How to complete this task: What lines in the entries hold the string "lexx"? List them.

Recorded information:
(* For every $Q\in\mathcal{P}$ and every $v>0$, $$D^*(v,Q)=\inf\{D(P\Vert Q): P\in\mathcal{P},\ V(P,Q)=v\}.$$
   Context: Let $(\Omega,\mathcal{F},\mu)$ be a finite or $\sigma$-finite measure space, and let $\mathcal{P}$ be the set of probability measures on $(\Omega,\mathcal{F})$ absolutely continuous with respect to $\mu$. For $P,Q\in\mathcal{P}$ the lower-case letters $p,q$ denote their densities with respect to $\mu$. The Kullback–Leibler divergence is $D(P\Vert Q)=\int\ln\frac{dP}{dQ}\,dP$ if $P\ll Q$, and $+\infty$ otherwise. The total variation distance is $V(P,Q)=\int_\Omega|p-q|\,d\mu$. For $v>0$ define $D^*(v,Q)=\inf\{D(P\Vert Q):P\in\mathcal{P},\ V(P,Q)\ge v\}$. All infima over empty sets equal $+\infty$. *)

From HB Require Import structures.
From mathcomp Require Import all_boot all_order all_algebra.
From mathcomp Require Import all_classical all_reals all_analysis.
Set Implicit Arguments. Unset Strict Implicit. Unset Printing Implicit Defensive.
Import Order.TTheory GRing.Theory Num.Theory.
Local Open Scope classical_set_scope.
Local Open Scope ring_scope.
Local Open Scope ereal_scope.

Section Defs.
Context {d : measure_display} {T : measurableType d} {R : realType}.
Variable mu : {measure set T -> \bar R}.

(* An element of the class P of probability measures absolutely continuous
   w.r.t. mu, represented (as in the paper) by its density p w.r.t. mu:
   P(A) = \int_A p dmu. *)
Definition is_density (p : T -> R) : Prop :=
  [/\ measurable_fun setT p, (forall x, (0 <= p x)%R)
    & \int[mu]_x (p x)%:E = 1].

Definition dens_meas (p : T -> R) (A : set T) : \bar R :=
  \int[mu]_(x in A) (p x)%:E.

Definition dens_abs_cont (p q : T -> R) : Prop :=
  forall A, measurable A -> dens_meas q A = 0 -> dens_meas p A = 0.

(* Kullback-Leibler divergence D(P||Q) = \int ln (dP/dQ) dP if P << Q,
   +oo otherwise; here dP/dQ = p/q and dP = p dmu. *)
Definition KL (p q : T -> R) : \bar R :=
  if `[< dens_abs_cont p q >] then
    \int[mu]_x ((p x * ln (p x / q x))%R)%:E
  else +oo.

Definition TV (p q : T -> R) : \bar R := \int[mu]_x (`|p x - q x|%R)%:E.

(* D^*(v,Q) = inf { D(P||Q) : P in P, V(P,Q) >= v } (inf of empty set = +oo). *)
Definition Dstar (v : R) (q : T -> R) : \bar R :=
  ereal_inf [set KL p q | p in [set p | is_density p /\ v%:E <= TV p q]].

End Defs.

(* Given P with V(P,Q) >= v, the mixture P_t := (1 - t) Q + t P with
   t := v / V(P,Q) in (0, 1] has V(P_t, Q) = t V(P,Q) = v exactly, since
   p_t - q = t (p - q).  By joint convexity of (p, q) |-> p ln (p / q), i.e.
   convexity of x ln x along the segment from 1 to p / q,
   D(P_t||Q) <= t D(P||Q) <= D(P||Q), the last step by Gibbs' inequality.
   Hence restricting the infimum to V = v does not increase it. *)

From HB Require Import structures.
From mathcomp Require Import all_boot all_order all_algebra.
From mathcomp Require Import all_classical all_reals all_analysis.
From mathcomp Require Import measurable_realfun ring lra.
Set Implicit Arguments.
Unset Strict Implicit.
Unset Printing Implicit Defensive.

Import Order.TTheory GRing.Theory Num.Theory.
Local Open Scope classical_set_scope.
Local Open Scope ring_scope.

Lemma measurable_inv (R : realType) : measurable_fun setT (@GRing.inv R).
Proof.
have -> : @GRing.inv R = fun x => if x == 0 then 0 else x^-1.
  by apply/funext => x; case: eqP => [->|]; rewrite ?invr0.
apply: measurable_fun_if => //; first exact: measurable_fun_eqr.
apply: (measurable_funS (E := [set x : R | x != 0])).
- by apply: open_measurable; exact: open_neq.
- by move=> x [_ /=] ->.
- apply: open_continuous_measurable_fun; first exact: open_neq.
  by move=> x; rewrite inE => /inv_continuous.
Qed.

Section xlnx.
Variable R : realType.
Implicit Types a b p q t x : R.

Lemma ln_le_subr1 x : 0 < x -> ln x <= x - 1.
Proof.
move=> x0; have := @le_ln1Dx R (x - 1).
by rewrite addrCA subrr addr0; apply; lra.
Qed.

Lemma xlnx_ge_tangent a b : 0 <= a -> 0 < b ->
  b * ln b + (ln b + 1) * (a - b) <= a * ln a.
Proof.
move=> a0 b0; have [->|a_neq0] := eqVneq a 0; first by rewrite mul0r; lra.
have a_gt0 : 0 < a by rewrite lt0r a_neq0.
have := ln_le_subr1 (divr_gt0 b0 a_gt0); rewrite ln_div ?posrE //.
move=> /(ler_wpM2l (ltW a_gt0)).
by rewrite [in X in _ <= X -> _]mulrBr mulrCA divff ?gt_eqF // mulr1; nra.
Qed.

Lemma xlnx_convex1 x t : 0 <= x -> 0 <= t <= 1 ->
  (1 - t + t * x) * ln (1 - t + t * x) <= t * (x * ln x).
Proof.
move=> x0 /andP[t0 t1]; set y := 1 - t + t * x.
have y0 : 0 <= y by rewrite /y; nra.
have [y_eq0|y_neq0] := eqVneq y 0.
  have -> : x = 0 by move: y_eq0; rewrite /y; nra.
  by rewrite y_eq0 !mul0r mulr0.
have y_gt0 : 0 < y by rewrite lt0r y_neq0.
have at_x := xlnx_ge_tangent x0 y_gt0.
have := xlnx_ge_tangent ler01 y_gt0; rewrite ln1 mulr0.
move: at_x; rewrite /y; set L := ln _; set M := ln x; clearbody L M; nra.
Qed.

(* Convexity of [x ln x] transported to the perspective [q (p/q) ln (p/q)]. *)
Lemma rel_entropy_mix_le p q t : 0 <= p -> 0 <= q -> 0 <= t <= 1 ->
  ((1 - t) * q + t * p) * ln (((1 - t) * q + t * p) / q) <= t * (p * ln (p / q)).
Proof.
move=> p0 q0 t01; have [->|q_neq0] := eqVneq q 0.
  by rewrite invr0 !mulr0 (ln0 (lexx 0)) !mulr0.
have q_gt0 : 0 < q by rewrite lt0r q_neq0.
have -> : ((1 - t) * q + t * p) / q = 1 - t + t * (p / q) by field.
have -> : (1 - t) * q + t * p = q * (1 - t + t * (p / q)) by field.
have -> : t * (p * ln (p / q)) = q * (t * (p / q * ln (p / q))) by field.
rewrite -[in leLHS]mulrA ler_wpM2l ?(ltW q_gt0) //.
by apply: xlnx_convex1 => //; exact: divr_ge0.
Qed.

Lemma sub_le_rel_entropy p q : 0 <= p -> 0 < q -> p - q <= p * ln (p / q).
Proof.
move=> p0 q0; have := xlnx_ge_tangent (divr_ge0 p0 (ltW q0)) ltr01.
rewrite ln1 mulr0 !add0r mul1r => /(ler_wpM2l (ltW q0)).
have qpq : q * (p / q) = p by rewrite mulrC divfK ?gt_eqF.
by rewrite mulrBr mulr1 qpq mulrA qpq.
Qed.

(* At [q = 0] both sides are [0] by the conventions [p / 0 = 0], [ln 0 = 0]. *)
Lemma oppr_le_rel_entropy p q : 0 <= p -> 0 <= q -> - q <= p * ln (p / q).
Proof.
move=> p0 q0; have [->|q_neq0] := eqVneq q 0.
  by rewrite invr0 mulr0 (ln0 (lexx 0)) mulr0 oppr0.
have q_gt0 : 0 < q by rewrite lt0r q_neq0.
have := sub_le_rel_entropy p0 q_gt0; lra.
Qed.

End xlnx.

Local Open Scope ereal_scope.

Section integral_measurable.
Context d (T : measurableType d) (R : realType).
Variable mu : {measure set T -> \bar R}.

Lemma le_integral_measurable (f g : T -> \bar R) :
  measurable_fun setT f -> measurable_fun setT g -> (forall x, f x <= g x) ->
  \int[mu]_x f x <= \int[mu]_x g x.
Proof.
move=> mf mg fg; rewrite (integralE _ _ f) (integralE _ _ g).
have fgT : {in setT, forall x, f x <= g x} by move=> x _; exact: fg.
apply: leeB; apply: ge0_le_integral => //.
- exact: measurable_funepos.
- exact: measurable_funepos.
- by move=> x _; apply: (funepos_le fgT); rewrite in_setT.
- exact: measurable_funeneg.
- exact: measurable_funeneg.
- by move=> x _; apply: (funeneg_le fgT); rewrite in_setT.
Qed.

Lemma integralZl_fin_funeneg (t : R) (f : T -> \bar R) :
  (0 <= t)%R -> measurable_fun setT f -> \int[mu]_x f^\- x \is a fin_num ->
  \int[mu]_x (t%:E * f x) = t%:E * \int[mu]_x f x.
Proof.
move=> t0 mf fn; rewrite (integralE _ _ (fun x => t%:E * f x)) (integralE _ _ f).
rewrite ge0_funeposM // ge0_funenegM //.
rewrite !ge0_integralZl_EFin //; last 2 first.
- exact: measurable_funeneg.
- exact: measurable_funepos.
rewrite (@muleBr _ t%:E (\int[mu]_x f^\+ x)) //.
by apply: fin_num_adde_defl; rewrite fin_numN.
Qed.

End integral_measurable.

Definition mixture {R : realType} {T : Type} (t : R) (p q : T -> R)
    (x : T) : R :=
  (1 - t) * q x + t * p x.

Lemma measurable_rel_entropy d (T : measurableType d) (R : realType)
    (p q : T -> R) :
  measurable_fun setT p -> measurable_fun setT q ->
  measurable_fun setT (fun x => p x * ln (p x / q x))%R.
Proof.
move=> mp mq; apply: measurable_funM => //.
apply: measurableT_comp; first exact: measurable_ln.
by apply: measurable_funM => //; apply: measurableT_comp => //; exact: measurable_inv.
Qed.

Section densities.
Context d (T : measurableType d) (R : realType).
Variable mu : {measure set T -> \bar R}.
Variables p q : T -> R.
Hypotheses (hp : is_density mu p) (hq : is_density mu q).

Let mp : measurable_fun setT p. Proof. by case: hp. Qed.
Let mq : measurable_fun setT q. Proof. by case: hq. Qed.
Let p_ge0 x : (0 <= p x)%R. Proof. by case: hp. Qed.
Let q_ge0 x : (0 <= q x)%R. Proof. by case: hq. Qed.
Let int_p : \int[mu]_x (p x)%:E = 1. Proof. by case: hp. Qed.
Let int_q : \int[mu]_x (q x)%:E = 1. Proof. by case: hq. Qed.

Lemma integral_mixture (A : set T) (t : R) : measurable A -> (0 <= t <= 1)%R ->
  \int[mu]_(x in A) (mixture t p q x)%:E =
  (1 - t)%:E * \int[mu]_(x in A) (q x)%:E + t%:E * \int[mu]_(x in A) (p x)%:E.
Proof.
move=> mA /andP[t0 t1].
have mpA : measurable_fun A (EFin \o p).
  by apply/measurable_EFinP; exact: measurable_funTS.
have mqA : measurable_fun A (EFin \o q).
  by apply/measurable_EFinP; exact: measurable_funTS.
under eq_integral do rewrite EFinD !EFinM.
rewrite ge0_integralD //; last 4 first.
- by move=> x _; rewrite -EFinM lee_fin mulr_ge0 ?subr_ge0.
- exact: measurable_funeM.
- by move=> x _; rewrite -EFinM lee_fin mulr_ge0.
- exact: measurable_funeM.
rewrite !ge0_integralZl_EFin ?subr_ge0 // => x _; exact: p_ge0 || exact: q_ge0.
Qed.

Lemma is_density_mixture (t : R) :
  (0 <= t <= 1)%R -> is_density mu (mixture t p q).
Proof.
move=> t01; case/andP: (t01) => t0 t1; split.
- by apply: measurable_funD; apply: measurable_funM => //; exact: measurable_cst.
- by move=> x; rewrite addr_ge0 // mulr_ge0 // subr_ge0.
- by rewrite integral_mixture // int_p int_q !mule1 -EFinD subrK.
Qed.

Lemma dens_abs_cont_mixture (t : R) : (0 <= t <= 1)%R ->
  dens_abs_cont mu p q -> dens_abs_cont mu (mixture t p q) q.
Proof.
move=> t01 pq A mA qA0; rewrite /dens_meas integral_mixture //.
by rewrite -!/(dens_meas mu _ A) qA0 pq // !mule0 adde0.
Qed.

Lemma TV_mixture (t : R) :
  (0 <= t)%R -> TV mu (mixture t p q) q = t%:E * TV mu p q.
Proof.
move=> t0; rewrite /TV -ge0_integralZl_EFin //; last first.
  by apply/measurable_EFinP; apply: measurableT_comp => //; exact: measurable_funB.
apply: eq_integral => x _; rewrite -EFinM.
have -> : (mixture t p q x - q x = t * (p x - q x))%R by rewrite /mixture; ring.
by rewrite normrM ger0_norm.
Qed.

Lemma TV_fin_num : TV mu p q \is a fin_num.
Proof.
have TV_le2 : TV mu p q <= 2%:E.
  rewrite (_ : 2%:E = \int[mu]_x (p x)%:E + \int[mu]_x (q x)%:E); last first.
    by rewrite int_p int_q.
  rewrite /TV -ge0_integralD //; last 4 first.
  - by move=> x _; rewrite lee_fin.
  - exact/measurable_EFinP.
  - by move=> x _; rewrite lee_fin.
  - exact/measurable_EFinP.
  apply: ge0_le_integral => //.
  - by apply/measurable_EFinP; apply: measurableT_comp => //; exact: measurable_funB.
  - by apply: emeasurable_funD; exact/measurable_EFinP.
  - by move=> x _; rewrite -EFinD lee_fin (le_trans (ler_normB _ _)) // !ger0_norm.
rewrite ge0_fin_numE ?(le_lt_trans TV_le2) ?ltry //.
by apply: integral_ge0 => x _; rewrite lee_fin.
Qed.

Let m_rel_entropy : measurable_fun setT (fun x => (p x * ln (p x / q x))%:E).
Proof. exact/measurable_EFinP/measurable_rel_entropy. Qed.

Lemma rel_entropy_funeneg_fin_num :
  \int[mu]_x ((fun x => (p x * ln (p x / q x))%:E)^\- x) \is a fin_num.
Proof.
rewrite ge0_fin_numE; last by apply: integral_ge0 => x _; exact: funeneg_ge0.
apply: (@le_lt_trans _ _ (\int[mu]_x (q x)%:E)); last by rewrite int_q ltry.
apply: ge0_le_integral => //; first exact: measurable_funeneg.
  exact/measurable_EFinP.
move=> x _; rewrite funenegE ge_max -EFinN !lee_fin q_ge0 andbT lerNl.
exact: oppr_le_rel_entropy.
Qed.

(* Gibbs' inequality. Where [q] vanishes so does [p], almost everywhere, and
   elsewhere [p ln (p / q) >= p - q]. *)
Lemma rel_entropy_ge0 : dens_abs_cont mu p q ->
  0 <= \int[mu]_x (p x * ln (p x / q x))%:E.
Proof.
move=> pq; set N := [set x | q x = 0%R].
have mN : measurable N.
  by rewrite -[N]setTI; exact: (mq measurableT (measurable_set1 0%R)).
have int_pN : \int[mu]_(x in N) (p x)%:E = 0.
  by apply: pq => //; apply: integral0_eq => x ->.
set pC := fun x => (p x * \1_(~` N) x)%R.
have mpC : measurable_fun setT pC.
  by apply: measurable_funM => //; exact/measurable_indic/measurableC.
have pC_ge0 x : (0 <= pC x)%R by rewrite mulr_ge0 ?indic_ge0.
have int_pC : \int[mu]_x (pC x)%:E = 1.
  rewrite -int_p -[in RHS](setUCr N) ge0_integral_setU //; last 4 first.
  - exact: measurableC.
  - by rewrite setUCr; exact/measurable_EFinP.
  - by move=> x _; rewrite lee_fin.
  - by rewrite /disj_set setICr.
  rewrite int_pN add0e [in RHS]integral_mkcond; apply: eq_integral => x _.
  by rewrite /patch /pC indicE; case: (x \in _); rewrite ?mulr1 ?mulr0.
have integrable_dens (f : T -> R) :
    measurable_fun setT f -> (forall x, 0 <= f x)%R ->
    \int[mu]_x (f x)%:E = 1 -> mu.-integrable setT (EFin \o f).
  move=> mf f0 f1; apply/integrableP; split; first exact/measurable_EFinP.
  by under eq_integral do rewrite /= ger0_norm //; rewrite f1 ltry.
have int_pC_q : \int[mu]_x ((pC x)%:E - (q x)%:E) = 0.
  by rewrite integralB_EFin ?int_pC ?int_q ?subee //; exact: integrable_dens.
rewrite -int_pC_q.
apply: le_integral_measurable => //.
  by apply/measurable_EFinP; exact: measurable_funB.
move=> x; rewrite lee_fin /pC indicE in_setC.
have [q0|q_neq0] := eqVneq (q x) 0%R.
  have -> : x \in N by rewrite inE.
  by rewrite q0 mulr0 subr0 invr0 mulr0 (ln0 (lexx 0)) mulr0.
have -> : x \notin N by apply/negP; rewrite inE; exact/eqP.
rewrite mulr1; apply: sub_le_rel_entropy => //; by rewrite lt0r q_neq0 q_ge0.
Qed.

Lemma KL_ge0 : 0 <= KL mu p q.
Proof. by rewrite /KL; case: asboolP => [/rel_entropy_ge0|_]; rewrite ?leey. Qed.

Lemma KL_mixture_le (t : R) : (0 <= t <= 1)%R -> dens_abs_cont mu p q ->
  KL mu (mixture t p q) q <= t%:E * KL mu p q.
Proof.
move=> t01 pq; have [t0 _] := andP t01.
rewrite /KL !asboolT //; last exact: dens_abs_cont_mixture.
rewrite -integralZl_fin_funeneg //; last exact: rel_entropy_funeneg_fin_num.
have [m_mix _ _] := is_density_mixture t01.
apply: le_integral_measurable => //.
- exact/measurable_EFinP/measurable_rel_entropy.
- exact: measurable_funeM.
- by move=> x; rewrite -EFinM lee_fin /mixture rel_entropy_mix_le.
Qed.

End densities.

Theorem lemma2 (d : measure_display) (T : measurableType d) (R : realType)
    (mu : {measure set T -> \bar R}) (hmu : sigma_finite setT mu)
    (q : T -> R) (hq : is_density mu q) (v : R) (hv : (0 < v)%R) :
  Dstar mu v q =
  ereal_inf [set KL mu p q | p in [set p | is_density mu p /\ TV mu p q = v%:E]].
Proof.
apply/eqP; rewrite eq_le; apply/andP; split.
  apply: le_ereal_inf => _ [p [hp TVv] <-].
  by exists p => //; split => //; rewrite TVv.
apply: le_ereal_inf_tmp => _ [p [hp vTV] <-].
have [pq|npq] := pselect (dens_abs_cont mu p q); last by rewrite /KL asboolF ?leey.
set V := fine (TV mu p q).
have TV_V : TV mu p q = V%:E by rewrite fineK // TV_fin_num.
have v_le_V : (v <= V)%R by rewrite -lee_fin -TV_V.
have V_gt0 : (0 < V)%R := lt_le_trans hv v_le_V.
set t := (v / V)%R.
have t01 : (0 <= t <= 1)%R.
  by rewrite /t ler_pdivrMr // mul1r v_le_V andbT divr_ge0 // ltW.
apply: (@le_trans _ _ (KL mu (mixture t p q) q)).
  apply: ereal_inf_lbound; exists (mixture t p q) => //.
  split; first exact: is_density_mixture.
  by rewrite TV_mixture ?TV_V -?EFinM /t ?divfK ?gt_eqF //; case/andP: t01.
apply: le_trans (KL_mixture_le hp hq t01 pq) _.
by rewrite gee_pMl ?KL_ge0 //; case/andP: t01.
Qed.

Exercise output:
  by rewrite invr0 !mulr0 (ln0 (lexx 0)) !mulr0.
  by rewrite invr0 mulr0 (ln0 (lexx 0)) mulr0 oppr0.
  by rewrite q0 mulr0 subr0 invr0 mulr0 (ln0 (lexx 0)) mulr0.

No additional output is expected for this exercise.